Atwood:  Yeah, yeah, that's too bad, it does happen a lot.  So changing topics a little bit, so one thing that came up last week that I spent at least a day and a half working on is, so, in Stack Overflow, there's wiki-like aspects to Stack Overflow, so you can actually enter something known as Markdown markup.  Have you had a chance to look at any of the Markdown controls or anything?

Spolsky:  Is it the same, are you actually using Markdown there?  I thought it was some slight...

Atwood:  We're using Markdown, we're using a control called the WMD control, again, very unfortunately named, that's a great control.
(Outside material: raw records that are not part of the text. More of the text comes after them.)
(* For an integral domain $D$, the following conditions are equivalent. (i) The integral closure $\overline{D}$ of $D$ is a Pr\''ufer domain. (ii) The set of Pr\''ufer overrings of $D$ is quasi-compact as a subspace of the space of all overrings of $D$.
   Context: Let $D$ be an integral domain with quotient field $K$. The set of all overrings of $D$ (rings $R$ with $D\subseteq R\subseteq K$) carries the Zariski topology, whose basic open sets are $\{R \mid F\subseteq R\}$ for $F$ ranging among finite subsets of $K$; it is a spectral space. *)

(* Overrings of D are represented as predicates on the
   quotient field K. *)
From mathcomp Require Import all_boot all_algebra.
Set Implicit Arguments. Unset Strict Implicit. Unset Printing Implicit Defensive.
Import GRing.Theory.
Local Open Scope ring_scope.

Section Defs.
Variable K : fieldType.

(* R is a subring of K (hence an integral domain). *)
Definition subring (R : K -> Prop) : Prop :=
  [/\ R 0, R 1, (forall x y, R x -> R y -> R (x - y))
    & (forall x y, R x -> R y -> R (x * y))].

Definition is_quotient_field (D : K -> Prop) : Prop :=
  forall x : K, exists a b : K, [/\ D a, D b, b != 0 & x = a / b].

Definition overring (D R : K -> Prop) : Prop :=
  subring R /\ (forall x, D x -> R x).

Definition int_closure (D : K -> Prop) : K -> Prop :=
  fun x => exists p : {poly K}, [/\ p \is monic, (forall i, D p`_i) & root p x].

Definition fg_ideal (R I : K -> Prop) : Prop :=
  exists gs : seq K, (forall g, g \in gs -> R g) /\
    forall x, I x <-> exists rs : seq K,
      [/\ size rs = size gs, (forall r, r \in rs -> R r)
        & x = \sum_(i < size gs) rs`_i * gs`_i].
(* Let $u(x)=\sum_\alpha u_\alpha(x)\mathfrak{N}_\alpha$ with real-valued $u_\alpha\in L_2(U,\mu)$, only finitely many nonzero, and let $v=\sum_\alpha v_\alpha\mathfrak{N}_\alpha$ with real $v_\alpha$, only finitely many nonzero. Then $$\mathbf{E}[\delta(u)v]=\mathbf{E}\Big[\int_U u(x)\mathbb{D}v(x)d\mu\Big].$$
   Context: Setting: $(U,\mathcal{U},\mu)$ $\sigma$-finite complete measure space, $\{m_k\}$ a complete orthonormal system of $L_2(U,\mu)$; $\mathfrak{N}:L_2(U,\mu)\to L_2(\Omega,\mathbf{P})$ mean-zero linear isometry, $\xi_k=\mathfrak{N}(m_k)$. $J$: finitely supported multi-indices of nonnegative integers, $\alpha!=\prod\alpha_k!$, $\varepsilon_k$ unit multi-indices; $\{\mathfrak{N}_\alpha\}$ an orthogonal family in $L_2(\Omega)$ with $\mathbf{E}\mathfrak{N}_\alpha^2=\alpha!$, obtained by degreewise orthogonalization of monomials $\prod\xi_k^{\alpha_k}$. Skorokhod integral: $\delta(u)=\sum_\alpha\sum_k(\int_U u_\alpha m_kd\mu)\mathfrak{N}_{\alpha+\varepsilon_k}$. Malliavin derivative: $\mathbb{D}v(x)=\sum_\alpha\sum_k(\alpha_k+1)v_{\alpha+\varepsilon_k}m_k(x)\mathfrak{N}_\alpha$. *)

From HB Require Import structures.
From mathcomp Require Import all_boot all_order all_algebra finmap.
From mathcomp Require Import all_classical all_reals all_analysis.
Set Implicit Arguments. Unset Strict Implicit. Unset Printing Implicit Defensive.
Import Order.TTheory GRing.Theory Num.Theory.
Local Open Scope classical_set_scope.
Local Open Scope ring_scope.

Definition mindex := {fsfun nat -> nat with 0%N}.

Definition meps (a : mindex) (k : nat) : mindex := [fsfun a with k |-> (a k).+1].

Definition mfact (a : mindex) : nat := (\prod_(k <- finsupp a) (a k)`!)%N.

Definition square_integrable d (T : measurableType d) (R : realType)
  (mu : {measure set T -> \bar R}) (f : T -> R) : Prop :=
  measurable_fun setT f /\ (\int[mu]_x ((f x) ^+ 2)%:E < +oo)%E.

Definition orthonormal_system d (T : measurableType d) (R : realType)
  (mu : {measure set T -> \bar R}) (m : nat -> T -> R) : Prop :=
  (forall k, square_integrable mu (m k)) /\
  (forall j k, (\int[mu]_x (m j x * m k x)%:E = (if j == k then 1 else 0)%:E)%E).

Definition complete_system d (T : measurableType d) (R : realType)
  (mu : {measure set T -> \bar R}) (m : nat -> T -> R) : Prop :=
  forall f, square_integrable mu f ->
    (forall k, (\int[mu]_x (f x * m k x)%:E = 0)%E) -> {ae mu, forall x, f x = 0}.

Definition chaos_family d (Omega : measurableType d) (R : realType)
  (P : probability Omega R) (N : mindex -> Omega -> R) : Prop :=
  (forall a, measurable_fun setT (N a)) /\
  (forall a b, a != b -> (\int[P]_w (N a w * N b w)%:E = 0)%E) /\
  (forall a, (\int[P]_w ((N a w) ^+ 2)%:E = ((mfact a)%:R)%:E)%E).

(* Partial sums (k < n) of the Skorokhod series
   delta(u) = sum_alpha sum_k (int_U u_alpha m_k dmu) N_(alpha+eps_k),
   where u_alpha = 0 for alpha outside the finite list S. *)
Definition skorokhod_partial dU (U : measurableType dU) dO (Omega : measurableType dO)
  (R : realType) (mu : {measure set U -> \bar R}) (m : nat -> U -> R)
  (N : mindex -> Omega -> R) (S : seq mindex) (u : mindex -> U -> R)
  (n : nat) (w : Omega) : R :=
  \sum_(a <- S) \sum_(k < n) (Rintegral mu setT (fun x => u a x * m k x)) * N (meps a k) w.

Definition is_skorokhod_integral dU (U : measurableType dU) dO (Omega : measurableType dO)
  (R : realType) (mu : {measure set U -> \bar R}) (P : probability Omega R)
  (m : nat -> U -> R) (N : mindex -> Omega -> R) (S : seq mindex)
  (u : mindex -> U -> R) (D : Omega -> R) : Prop :=
  measurable_fun setT D /\
  ((fun n => (\int[P]_w ((D w - skorokhod_partial mu m N S u n w) ^+ 2)%:E)%E)
     @ \oo --> 0%E).

(* Malliavin derivative Dv(x) = sum_alpha sum_k (alpha_k+1) v_(alpha+eps_k) m_k(x) N_alpha
   (finitely many nonzero terms when v has finite support) *)
Definition malliavin_deriv dU (U : measurableType dU) dO (Omega : measurableType dO)
  (R : realType) (m : nat -> U -> R) (N : mindex -> Omega -> R) (v : mindex -> R)
  (x : U) (w : Omega) : R :=
  \sum_(a \in [set: mindex]) \sum_(k \in [set: nat])
     ((a k).+1%:R * v (meps a k) * m k x * N a w).

From HB Require Import structures.
From mathcomp Require Import all_boot all_order all_algebra finmap.
From mathcomp Require Import all_classical all_reals all_analysis.
From mathcomp Require Import measurable_realfun lra ring.
Import numFieldNormedType.Exports.
Import Order.TTheory GRing.Theory Num.Theory.
Local Open Scope classical_set_scope.
Local Open Scope ring_scope.
Lemma card_component (F : {set {set T}}) r :
  (forall a b, R a b -> [set a; b] \in F) -> #|[set x | connect R r x]| <= #|F|.+1.
Proof.
move=> RF; have [par [h parP]] := exists_parent_map r.
set C := [set x | connect R r x].
have hC x : x \in C :\ r -> h (par x) < h x.
  by rewrite !inE => /andP [xr rx]; case: (parP x rx xr).
have sub : [set [set x; par x] | x in C :\ r] \subset F.
  apply/subsetP=> f /imsetP [x]; rewrite !inE => /andP [xr rx] ->.
  by apply: RF; case: (parP x rx xr).
have := subset_leq_card sub; rewrite card_in_imset; last exact: parent_edge_inj hC.
by rewrite (cardsD1 r C) inE connect0.
Qed.

End ParentMap.

Definition avoiding (T : eqType) (v : T) (R : rel T) : rel T :=
  [rel a b | [&& a != v, b != v & R a b]].

Lemma avoiding_sym (T : eqType) (v : T) (R : rel T) :
  symmetric R -> symmetric (avoiding v R).
Proof. by move=> Rsym a b; rewrite /avoiding /= Rsym andbCA. Qed.

Section SpanningTrees.
Variables (T : finType) (e : rel T).
Hypotheses (e_sym : symmetric e) (e_irr : irreflexive e).

Lemma two_connected_connect : two_connected e ->
  [/\ 2 < #|T|, forall x y, connect e x y &
      forall v x y, x != v -> y != v -> connect (avoiding v e) x y].
Proof.
case/andP=> /andP [n3 /forallP conn] /forallP conn_v; split=> // [x y|v x y xv yv].
  exact: (forallP (conn x)).
by have /forallP/(_ y) := forallP (conn_v v) x; rewrite xv yv.
Qed.

Definition tree_adj (E : {set {set T}}) : rel T := fun a b => [set a; b] \in E.

Definition deg (E : {set {set T}}) u := #|[set f in E | u \in f]|.

Definition spanning_tree (E : {set {set T}}) : Prop :=
  [/\ forall f, f \in E -> exists x y, e x y /\ f = [set x; y],
      forall x y, connect (tree_adj E) x y & #|E| = #|T| - 1].

Lemma tree_adj_sym E : symmetric (tree_adj E).
Proof. by move=> a b; rewrite /tree_adj setUC. Qed.

Lemma spanning_tree_subtree E : 0 < #|T| -> spanning_tree E -> is_subtree e setT E.
Proof.
move=> n0 [edgeE connE cardE]; rewrite /is_subtree cardsT cardE eqxx andbT.
apply/andP; split; last by apply/set0Pn; case/card_gt0P: n0 => x _; exists x.
apply/andP; split.
  apply/forall_inP=> f /edgeE [x [y [exy ->]]].
  by apply/existsP; exists x; apply/existsP; exists y; rewrite !inE exy eqxx.
by apply/forall_inP=> x _; apply/forall_inP=> y _; exact: connE.
Qed.

Lemma deg_sum E u : deg E u = \sum_(f in E) (u \in f).
Proof.
rewrite /deg -sum1_card [LHS]big_mkcond [RHS]big_mkcond /=.
by apply: eq_bigr => f _; rewrite !inE; case: (f \in E); case: (u \in f).
Qed.

Lemma deg_setU1 (X : {set {set T}}) f u : f \notin X -> deg (f |: X) u = (u \in f) + deg X u.
Proof. by move=> fX; rewrite !deg_sum big_setU1. Qed.

Lemma deg_setD1 (X : {set {set T}}) f u : f \in X -> deg X u = (u \in f) + deg (X :\ f) u.
Proof. by move=> fX; rewrite !deg_sum (big_setD1 f). Qed.

Lemma exit_neighbour E v s t :
  connect (tree_adj E) s t -> s != v -> ~~ connect (avoiding v (tree_adj E)) s t ->
  exists2 a, connect (avoiding v (tree_adj E)) s a & tree_adj E a v.
Proof.
case/connectP=> p + ->; elim: p s => [|z p IH] s /=; first by rewrite connect0.
case/andP=> Esz pz sv nc; case: (eqVneq z v) => [<-|zv]; first by exists s.
have Fsz : avoiding v (tree_adj E) s z by rewrite /avoiding /= sv zv.
have [|a za av] := IH z pz zv; first by apply: contra nc; apply: connect_trans (connect1 Fsz).
by exists a => //; apply: connect_trans (connect1 Fsz) za.
Qed.

Definition excess k E := \sum_u (deg E u - k).

Lemma excess_lt k E E' v : (forall u, deg E' u <= deg E u \/ deg E' u <= k) ->
  deg E' v < deg E v -> k < deg E v -> excess k E' < excess k E.
Proof.
move=> le_deg lt_v lt_k; rewrite /excess (bigD1 v) //= [X in _ < X](bigD1 v) //=.
rewrite -addSn leq_add //; first lia.
by apply: leq_sum => u _; case: (le_deg u); lia.
Qed.

Lemma excess_exchange k E v a x y (E' := [set x; y] |: (E :\ [set a; v])) :
  [set a; v] \in E -> [set x; y] \notin E :\ [set a; v] -> x != v -> y != v ->
  k < deg E v -> deg E y < k -> (k <= deg E x -> a = x) -> excess k E' < excess k E.
Proof.
move=> avE xyE xv yv dv dy ax.
have deg_E' u : deg E' u + (u \in [set a; v]) = deg E u + (u \in [set x; y]).
  by rewrite deg_setU1 // (deg_setD1 u avE) addnC addnA addnAC.
apply: (excess_lt (v := v)) => // [u|]; last first.
  have := deg_E' v.
  by rewrite !inE eqxx orbT ![v == _]eq_sym (negbTE xv) (negbTE yv) addn1 addn0 => <-.
have := deg_E' u; case/boolP: (u \in [set x; y]) => [/set2P [->|->]|_]; last first.
- by rewrite addn0 => <-; left; apply: leq_addr.
- by move=> deg_y; right; move: deg_y dy; clear; lia.
case: (ltnP (deg E x) k) => [deg_x|/ax ->].
  by move=> deg_x'; right; move: deg_x' deg_x; clear; lia.
by rewrite set21 => /addIn ->; left.
Qed.

Lemma card_parent_edges r par (h : T -> nat) : (forall x, x != r -> h (par x) < h x) ->
  #|[set [set x; par x] | x in [set~ r]]| = #|T| - 1.
Proof.
move=> hpar; rewrite card_in_imset ?cardsC1 ?subn1 //.
by apply: (@parent_edge_inj _ _ h) => x; rewrite !inE; apply: hpar.
Qed.

Section Tree.
Variable E : {set {set T}}.
Hypothesis treeE : spanning_tree E.

Lemma tree_adj_neq a b : tree_adj E a b -> a != b.
Proof.
have [edgeE _ _] := treeE; case/edgeE=> [x [y [exy ab]]].
apply: contraTneq exy => a_b; move: ab; rewrite a_b setUid => xy.
have : x \in [set b] by rewrite xy !inE eqxx.
have : y \in [set b] by rewrite xy !inE eqxx orbT.
by rewrite !inE => /eqP -> /eqP ->; rewrite e_irr.
Qed.
Lemma perturbed_subgradient_split u gu phi cphi : g u = Fin gu -> subdiff g u phi ->
  dnorm phi = Fin cphi ->
  exists fu y, f u = Fin fu /\ gu = fu + p u /\ subdiff f u y /\
               forall w, Rabs (y w) <= (cphi + xi) * vnorm w.
Proof.
  intros Hgu [Dphi [gu' [Hgu' Hsubg]]] Hcphi. rewrite Hgu in Hgu'. injection Hgu' as <-.
  rewrite g_def in Hgu. destruct (f u) as [fu|] eqn:Hfu; simpl in Hgu; [|discriminate].
  injection Hgu as <-.
  destruct (subdiff_sum_lipschitz f p xi u fu phi f_convex p_convex
              (convex_calm_lipschitz p x xi p_convex xi_ge0 p_calm) Hfu Dphi)
    as [z [Dz [Bz Sy]]].
  { intros w Fw HFw. specialize (Hsubg w). rewrite g_def, HFw in Hsubg. simpl in Hsubg. lra. }
  destruct (dnorm_spec phi Dphi) as [c [Hc [_ [Bphi _]]]]. rewrite Hcphi in Hc. injection Hc as <-.
  exists fu, (dsub phi z). split; [reflexivity|]. split; [reflexivity|]. split; [exact Sy|].
  intros w. unfold dsub, Rminus. eapply Rle_trans; [apply Rabs_triang|]. rewrite Rabs_Ropp.
  specialize (Bphi w). specialize (Bz w). lra.
Qed.

Lemma subgradient_bound_interior b u gu phi cphi :
  dinterior (subdiff f x) dzero -> ddist0 (dboundary (subdiff f x)) = Fin b -> xi < b ->
  (exists s, sublevel g s) -> g u = Fin gu -> 0 < gu -> subdiff g u phi ->
  dnorm phi = Fin cphi -> b - xi <= cphi.
Proof.
  intros Hint Hb Hxib [s Hs] Hgu Hgu0 Hphi Hcphi.
  pose proof (sharp_growth_of_interior f x fx0 Hint b Hb) as Sharp.
  destruct (perturbed_subgradient_split u gu phi cphi Hgu Hphi Hcphi)
    as [fu [y [Hfu [-> [[_ [fu' [Hfu' Hsuby]]] By]]]]].
  rewrite Hfu in Hfu'. injection Hfu' as <-.
  pose proof (dnorm_ge0 phi (subdiff_dual _ _ _ Hphi)) as Hc0. rewrite Hcphi in Hc0. simpl in Hc0.
  apply Rnot_lt_le. intro Hlt.
  destruct (Req_dec (vnorm (vsub u x)) 0) as [H0|H0].
  - (* then [p x = g x > 0], and [f] grows faster than [p] can decrease: [g > 0] on all of X *)
    apply vnorm_sub_eq0 in H0. subst u. rewrite fx0 in Hfu. injection Hfu as <-.
    unfold sublevel in Hs. rewrite g_def in Hs.
    destruct (f s) as [fs|] eqn:Hfs; simpl in Hs; [|contradiction].
    pose proof (Sharp ((xi + b) / 2) s fs ltac:(lra) Hfs) as H1.
    pose proof (Rabs_le_inv _ _ (p_calm s)) as H2.
    pose proof (vnorm_nonneg (vsub s x)). nra.
  - pose proof (vnorm_nonneg (vsub u x)) as Hn.
    specialize (Hsuby x). rewrite fx0 in Hsuby.
    pose proof (Rabs_le_inv _ _ (By (vsub x u))) as H1. rewrite vnorm_sub_sym in H1.
    pose proof (Sharp ((cphi + xi + b) / 2) u fu ltac:(lra) Hfu) as H2.
    assert (0 < ((cphi + xi + b) / 2 - (cphi + xi)) * vnorm (vsub u x))
      by (apply Rmult_lt_0_compat; lra).
    lra.
Qed.

Lemma subgradient_bound_noninterior u gu phi cphi :
  ~ dinterior (subdiff f x) dzero -> g u = Fin gu -> 0 < gu -> subdiff g u phi ->
  dnorm phi = Fin cphi -> ele (tau f x xi (Rabs (p x))) (Fin (cphi + xi)).
Proof.
  intros Hnint Hgu Hgu0 Hphi Hcphi.
  destruct (perturbed_subgradient_split u gu phi cphi Hgu Hphi Hcphi)
    as [fu [y [Hfu [-> [Sy By]]]]].
  unfold tau. destruct (excluded_middle_informative _) as [Hint|_]; [contradiction|].
  apply ele_trans with (ddist0 (subdiff f u)).
  - apply einf_le.
    + intros t [u' [_ ->]]. apply ddist0_ge0. intros psi. apply subdiff_dual.
    + exists u. split; [|reflexivity]. rewrite Hfu. simpl.
      pose proof (Rabs_le_inv _ _ (p_calm u)). pose proof (Rle_abs (p x)). lra.
  - apply ele_trans with (dnorm y); [apply ddist0_le; [intros psi; apply subdiff_dual|exact Sy]|].
    pose proof (subdiff_dual _ _ _ Sy) as Dy.
    pose proof (dnorm_ge0 phi (subdiff_dual _ _ _ Hphi)) as Hc0. rewrite Hcphi in Hc0. simpl in Hc0.
    destruct (dnorm_le y (cphi + xi) Dy ltac:(lra) By) as [cy [-> Hcy]]. exact Hcy.
Qed.

End Perturbation.

Lemma Ptb_subgradient_bound {X : Banach} (f : X -> ER) (eps : R) :
  Gamma0 f -> elt (Fin eps) (bdsub f) ->
  forall g, Ptb f eps g -> forall u gu, g u = Fin gu -> 0 < gu ->
  forall phi, subdiff g u phi -> ele (esubR (bdsub f) eps) (dnorm phi).
Proof.
  intros [_ [Cf _]] Hbd g [Sg [p [Cp [Hg [x [xi [Hx0 [Hxi [Hptb Hcalm]]]]]]]]]
    u gu Hgu Hgu0 phi Hphi.
  destruct (bdsub f) as [b|] eqn:Hb; [|contradiction]. simpl in Hbd.
  destruct (dnorm_spec phi (subdiff_dual _ _ _ Hphi)) as [cphi [Hcphi _]]. rewrite Hcphi. simpl.
  destruct (classic (dinterior (subdiff f x) dzero)) as [Hint|Hnint].
  - rewrite (bdsub_of_interior f x Hx0 Hint) in Hb.
    unfold tau in Hptb. destruct (excluded_middle_informative _); [|contradiction].
    rewrite Hb in Hptb. simpl in Hptb.
    pose proof (subgradient_bound_interior f p g x xi Cf Cp Hg Hx0 Hxi Hcalm b u gu phi cphi
                  Hint Hb ltac:(lra) Sg Hgu Hgu0 Hphi Hcphi). lra.
  - pose proof (subgradient_bound_noninterior f p g x xi Cf Cp Hg Hxi Hcalm u gu phi cphi
                  Hnint Hgu Hgu0 Hphi Hcphi) as Ht.
    destruct (tau f x xi (Rabs (p x))) as [t|]; simpl in Ht, Hptb; [lra|contradiction].
Qed.

Lemma Ptb_Er_bound {X : Banach} (f : X -> ER) (eps : R) :
  Gamma0 f -> elt (Fin eps) (bdsub f) ->
  forall g, Ptb f eps g -> ele (esubR (bdsub f) eps) (Er g).
Proof.
  intros Gf Hbd g Pg.
  pose proof (Ptb_subgradient_bound f eps Gf Hbd g Pg) as Bound.
  destruct Gf as [_ [Cf Lf]].
  destruct Pg as [Sg [p [Cp [Hg [x [xi [Hx0 [Hxi [Hptb Hcalm]]]]]]]]].
  destruct (bdsub f) as [b|] eqn:Hb; [|contradiction]. simpl in Hbd |- *.
  pose proof (convex_calm_lipschitz p x xi Cp Hxi Hcalm) as Lp.
  apply Er_ge; [exact Sg|]. intros x1 gx r Hgx Hgx0 Hr Hdist.
  apply Rnot_lt_le. intro Hlt.
  set (k := (gx / r + (b + - eps)) / 2).
  assert (Hgr : gx / r < b + - eps).
  { apply Rmult_lt_reg_r with r; [exact Hr|].
    unfold Rdiv. rewrite Rmult_assoc, Rinv_l by lra. lra. }
  assert (Hk : 0 < k) by (pose proof (Rdiv_lt_0_compat gx r Hgx0 Hr); unfold k; lra).
  assert (Hkr : gx < k * r).
  { replace gx with (gx / r * r) at 1 by (field; lra).
    apply Rmult_lt_compat_r; [lra|unfold k; lra]. }
  destruct (small_subgradient_off_sublevel g k x1 gx r (convexE_add f g p Cf Cp Hg)
              (lscE_add_lipschitz f g p xi Lf Hxi Lp Hg) Hk Hgx Hgx0 Hkr Hdist)
    as [z [gz [phi [Hgz [Hgz0 [Hphi Bphi]]]]]].
  specialize (Bound z gz Hgz Hgz0 phi Hphi).
  destruct (dnorm_le phi k (subdiff_dual _ _ _ Hphi) ltac:(lra) Bphi) as [c [Hc Hck]].
  rewrite Hc in Bound. simpl in Bound. unfold k in Hck. lra.
Qed.

Theorem mainTheorem9 (X : Banach) (f : X -> ER) (eps : R) :
  Gamma0 f ->
  (exists x, sublevel f x) ->
  0 < eps ->
  elt (Fin eps) (bdsub f) ->
  (forall g, Ptb f eps g ->
     forall u gu, g u = Fin gu -> 0 < gu ->
     forall phi, subdiff g u phi -> ele (esubR (bdsub f) eps) (dnorm phi)) /\
  ele (esubR (bdsub f) eps) (ErPtb f eps) /\
  elt (Fin 0) (esubR (bdsub f) eps).
Proof.
  intros Gf _ _ Hbd. split; [|split].
  - exact (Ptb_subgradient_bound f eps Gf Hbd).
  - apply einf_ge.
    + intros y [g [_ ->]]. apply einf_ge0. intros t [x1 [gx [_ [Hgx0 ->]]]]. now apply ediv_nonneg.
    + intros y [g [Pg ->]]. exact (Ptb_Er_bound f eps Gf Hbd g Pg).
  - destruct (bdsub f) as [b|]; simpl in *; [lra|trivial].
Qed.
(** In the rotated coordinates [u = x + y], [v = x - y] the L1 norm becomes
    [max (|du|, |dv|)], and two robots overlap exactly when the gap between them
    lies in the diamond [|du| + |dv| < 2].  Every coordinate of every robot is
    1-Lipschitz in time, so for any two intermediate times the gaps [w1], [w2]
    at those times bound the makespan from below: on each of the three pieces
    the change of the gap in a coordinate plus the change of the sum of the two
    robots' coordinates is at most twice the length of the piece.  A gap that
    has to change quadrant cannot cross the diamond, so it meets the axes at
    distance at least 2; minimising the bound over these forced crossings gives
    explicit waypoints.  Conversely, when consecutive waypoints share a closed
    quadrant, the straight segments between them avoid the diamond, and three
    linear legs whose durations split the slack evenly, with the sum coordinates
    spread over the legs in proportion to their spare capacity, form a feasible
    schedule of duration exactly the bound. *)

Lemma Rabs_cases x : (0 <= x /\ Rabs x = x) \/ (x < 0 /\ Rabs x = - x).
Proof.
  destruct (Rle_lt_dec 0 x).
  - left; split; [lra | apply Rabs_right; lra].
  - right; split; [lra | apply Rabs_left; lra].
Qed.

Lemma Rmax_cases a b : (a <= b /\ Rmax a b = b) \/ (b < a /\ Rmax a b = a).
Proof. unfold Rmax; destruct (Rle_dec a b); [left | right]; split; auto; lra. Qed.

Lemma Rmin_cases a b : (a <= b /\ Rmin a b = a) \/ (b < a /\ Rmin a b = b).
Proof. unfold Rmin; destruct (Rle_dec a b); [left | right]; split; auto; lra. Qed.

Ltac case_eq_split H :=
  let E := fresh in destruct H as [[? E] | [? E]]; rewrite E in *; clear E; try (exfalso; lra).

Ltac case_split_R :=
  repeat match goal with
  | |- context [if Rle_dec ?a ?b then _ else _] => destruct (Rle_dec a b); try (exfalso; lra)
  | _ : context [if Rle_dec ?a ?b then _ else _] |- _ => destruct (Rle_dec a b); try (exfalso; lra)
  | |- context [Rmax ?a ?b] => case_eq_split (Rmax_cases a b)
  | _ : context [Rmax ?a ?b] |- _ => case_eq_split (Rmax_cases a b)
  | |- context [Rmin ?a ?b] => case_eq_split (Rmin_cases a b)
  | _ : context [Rmin ?a ?b] |- _ => case_eq_split (Rmin_cases a b)
  | |- context [Rabs ?x] => case_eq_split (Rabs_cases x)
  | _ : context [Rabs ?x] |- _ => case_eq_split (Rabs_cases x)
  end.

(** * Rotated coordinates *)

Definition ucoord (z : pt) : R := fst z + snd z.
Definition vcoord (z : pt) : R := fst z - snd z.

Definition apart (du dv : R) : Prop := 2 <= Rabs du + Rabs dv.

Definition coord (c : bool) (z : pt) : R := if c then ucoord z else vcoord z.

Lemma norm1_le_of_coords z z' d :
  (forall c, Rabs (coord c z' - coord c z) <= d) -> norm1 (psub z' z) <= d.
Proof.
  intros H. pose proof (H true) as Hu. pose proof (H false) as Hv. revert Hu Hv.
  destruct z, z'; unfold coord, ucoord, vcoord, norm1, psub; simpl; intros; case_split_R; lra.
Qed.

Lemma uv_le_norm1 z z' :
  Rabs (ucoord z - ucoord z') <= norm1 (psub z z') /\
  Rabs (vcoord z - vcoord z') <= norm1 (psub z z').
Proof. destruct z, z'; unfold ucoord, vcoord, norm1, psub; simpl; split; case_split_R; lra. Qed.

Lemma norminf_ge1_of_apart z z' :
  apart (ucoord z - ucoord z') (vcoord z - vcoord z') -> norminf (psub z z') >= 1.
Proof.
  destruct z, z'; unfold apart, ucoord, vcoord, norminf, psub; simpl; intros; case_split_R; lra.
Qed.

Lemma norminf_psub_sym z z' : norminf (psub z z') = norminf (psub z' z).
Proof.
  destruct z, z'; unfold norminf, psub; simpl.
  rewrite (Rabs_minus_sym r r1), (Rabs_minus_sym r0 r2). reflexivity.
Qed.

Lemma apart_of_norminf_ge1 z z' :
  norminf (psub z z') >= 1 -> apart (ucoord z' - ucoord z) (vcoord z' - vcoord z).
Proof.
  destruct z, z'; unfold apart, ucoord, vcoord, norminf, psub; simpl; intros; case_split_R; lra.
Qed.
Spolsky:  [inaudible] Markdown?

Atwood:  Yeah, it uses Markdown.  So, one of the interesting things about Markdown that seems like a plus but quickly becomes a negative as you start writing the code, is that it allows... the spec, not the control, I'm talking about the Markdown spec, allows you to mix
html tags and Markdown tags.

So, the reason, like, Wikipedia and a lot of other sites that allow user input use a separate markup language is just because it's so much easier to do it in a safe way.  Because if you can allow arbitrary html to be inserted into your database, and then rendered to the page, this opens you up to this class of cross-site scripting vulnerabilities, the abbreviation is XSS. And cross-site scripting is really disturbing, and actually I did some research on this in 2007 and since I wrote about it, cross-site scripting is now the most common security vulnerability in the world, for software.

Spolsky:  Wow.

Atwood: So its a really really big deal. So if you allow input from users to go into your database you have to sanitize it. I know it sounds really simple but...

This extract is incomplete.